Гостомысл не отрывал любовного взора от Лешка согласно кивал на каждый его скупой довод и хотел, чтоб кривич высказался побольше и поубедительнее. Но Лешко сказал как мог и сколько мог, и это стоило ему большого труда,
- Да... - в раздумье протянули бояре, вняв речи знатного кривича, и приуныли.
Спокойно колыхалось пламя свечей, освещая гридню главы союза словен. Спокойно смотрел на главу союзных словен Полюда.

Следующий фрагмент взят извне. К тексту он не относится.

(* g is the derivative of f on the closed interval [a,b], where at every
   point x of [a,b] the difference quotient is taken with y ranging over
   [a,b] \ {x} (so one-sided derivatives at the endpoints). *)
Definition has_deriv_on_closed (a b : R) (f g : R -> R) : Prop :=
  forall x, a <= x <= b ->
    filterlim (fun y => (f y - f x) / (y - x))
      (within (fun y => a <= y <= b /\ y <> x) (locally x))
      (locally (g x)).

Definition continuous_on_closed (a b : R) (f : R -> R) : Prop :=
  forall x, a <= x <= b ->
    filterlim f (within (fun y => a <= y <= b) (locally x)) (locally (f x)).

Definition C2_on (a b : R) (u u1 u2 : R -> R) : Prop :=
  has_deriv_on_closed a b u u1 /\ has_deriv_on_closed a b u1 u2 /\
  continuous_on_closed a b u2.

Definition rhs (alpha r ur u1r : R) : R :=
  alpha * (r * (ur - r * u1r)) / ((r ^ 2 + ur ^ 2) * sqrt (1 + u1r ^ 2)).

Definition solves_ode (alpha Rr : R) (u u1 : R -> R) : Prop :=
  forall r, 0 < r < Rr ->
    is_derive (fun s => s * u1 s / sqrt (1 + u1 s ^ 2)) r
      (rhs alpha r (u r) (u1 r)).

Definition jointly_continuous_on (P : R -> R -> Prop) (Rr : R)
    (F : R -> R -> R -> R) : Prop :=
  forall a c r, P a c -> 0 <= r <= Rr ->
  forall eps, 0 < eps -> exists delta, 0 < delta /\
    forall a' c' r', P a' c' -> 0 <= r' <= Rr ->
      Rabs (a' - a) < delta -> Rabs (c' - c) < delta -> Rabs (r' - r) < delta ->
      Rabs (F a' c' r' - F a c r) < eps.

From Stdlib Require Import Reals Lra Lia Psatz.
From Coquelicot Require Import Coquelicot.
Open Scope R_scope.

(* In the sine [w = u' / sqrt (1 + u' ^ 2)] of the inclination angle the equation
   becomes [u' = w / sqrt (1 - w ^ 2)], [(r w)' = r h] with [h = alpha <nu,p> / |p|^2],
   and the conditions at the axis turn it into the integral equations
   [u r = u0 + int_0^r u'] and [w r = 1/r int_0^r s h ds]. Averaging over [0, r]
   does not increase sup norms, so on a short interval the Picard map is a sup-norm
   contraction of ratio 1/2 on continuous pairs with [u] near [u0] and [|w| <= 1/2],
   uniformly for parameters near [(alpha0, u00)], and it is Lipschitz in the
   parameters: its fixed point exists and depends continuously on them. Near the
   axis [w r / r = 1/r^2 int_0^r s h ds -> h 0 / 2], which gives [w' 0] and the
   continuity of [u''] at [0]. *)

(** * Real-analysis preliminaries *)

Lemma ex_pow_half_lt (K eps : R) : 0 < eps -> exists n, K * (/2) ^ n < eps.
Proof.
  intros Heps. destruct (Rle_or_lt K 0) as [HK|HK].
  { exists 0%nat. simpl. lra. }
  destruct (pow_lt_1_zero (/2) ltac:(rewrite Rabs_pos_eq; lra) (eps / K))
    as [N HN]; [apply Rdiv_lt_0_compat; lra|].
  exists N. specialize (HN N (le_n _)).
  rewrite Rabs_pos_eq in HN by (apply pow_le; lra).
  apply Rmult_lt_compat_l with (r := K) in HN; [|lra].
  replace (K * (eps / K)) with eps in HN by (field; lra). exact HN.
Qed.

Lemma Rle_0_of_pow_half_bound (a K : R) : (forall n, a <= K * (/2) ^ n) -> a <= 0.
Proof.
  intros H. destruct (Rle_or_lt a 0) as [Ha|Ha]; [exact Ha|].
  destruct (ex_pow_half_lt K a Ha) as [n Hn]. specialize (H n). lra.
Qed.

Lemma continuity_pt_eps (f : R -> R) (x : R) :
  continuity_pt f x <->
  forall eps, 0 < eps -> exists d, 0 < d /\
    forall y, Rabs (y - x) < d -> Rabs (f y - f x) < eps.
Proof.
  split.
  - intros Hc eps Heps. destruct (Hc eps Heps) as [d [Hd H]].
    exists d; split; [lra|]. intros y Hy.
    destruct (Req_dec y x) as [->|Hne].
    + rewrite Rminus_diag, Rabs_R0; lra.
    + apply (H y). split; [split; [exact I|auto]|exact Hy].
  - intros H eps Heps. destruct (H eps Heps) as [d [Hd H']].
    exists d; split; [lra|]. intros y [_ Hy]. apply H'. exact Hy.
Qed.

Lemma filterlim_within_eps (D : R -> Prop) (f : R -> R) (x l : R) :
  (forall eps, 0 < eps -> exists d, 0 < d /\
     forall y, D y -> Rabs (y - x) < d -> Rabs (f y - l) < eps) ->
  filterlim f (within D (locally x)) (locally l).
Proof.
  intros H. apply filterlim_locally. intros [eps Heps]. simpl.
  destruct (H eps Heps) as [d [Hd H']].
  exists (mkposreal d Hd). intros y Hy Dy. apply H'; auto.
Qed.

- Да будет Рюрик великим князем объединенных словенских земель? - тихо спросил бояр Гостомысл, боясь, что в них вновь разгорится гневом тщеславный огонь мятежных душ.
"Ox, как надо уберечь проснувшийся рассудок этих кичливых корыстолюбцев, не то, гляди, снова бороды до потолка вскинут", - тревожно думал он, поглядывая на притихших бояр.
Бояре действительно притаились почему-то, прижались друг к другу и нерешительно, но трижды проворчали:
- Да будет так...
* * *
А через десять дней теплым вечером на громадной поляне возле стен нового Новгорода собрались все его жители и поредевшая дружина Рюрика.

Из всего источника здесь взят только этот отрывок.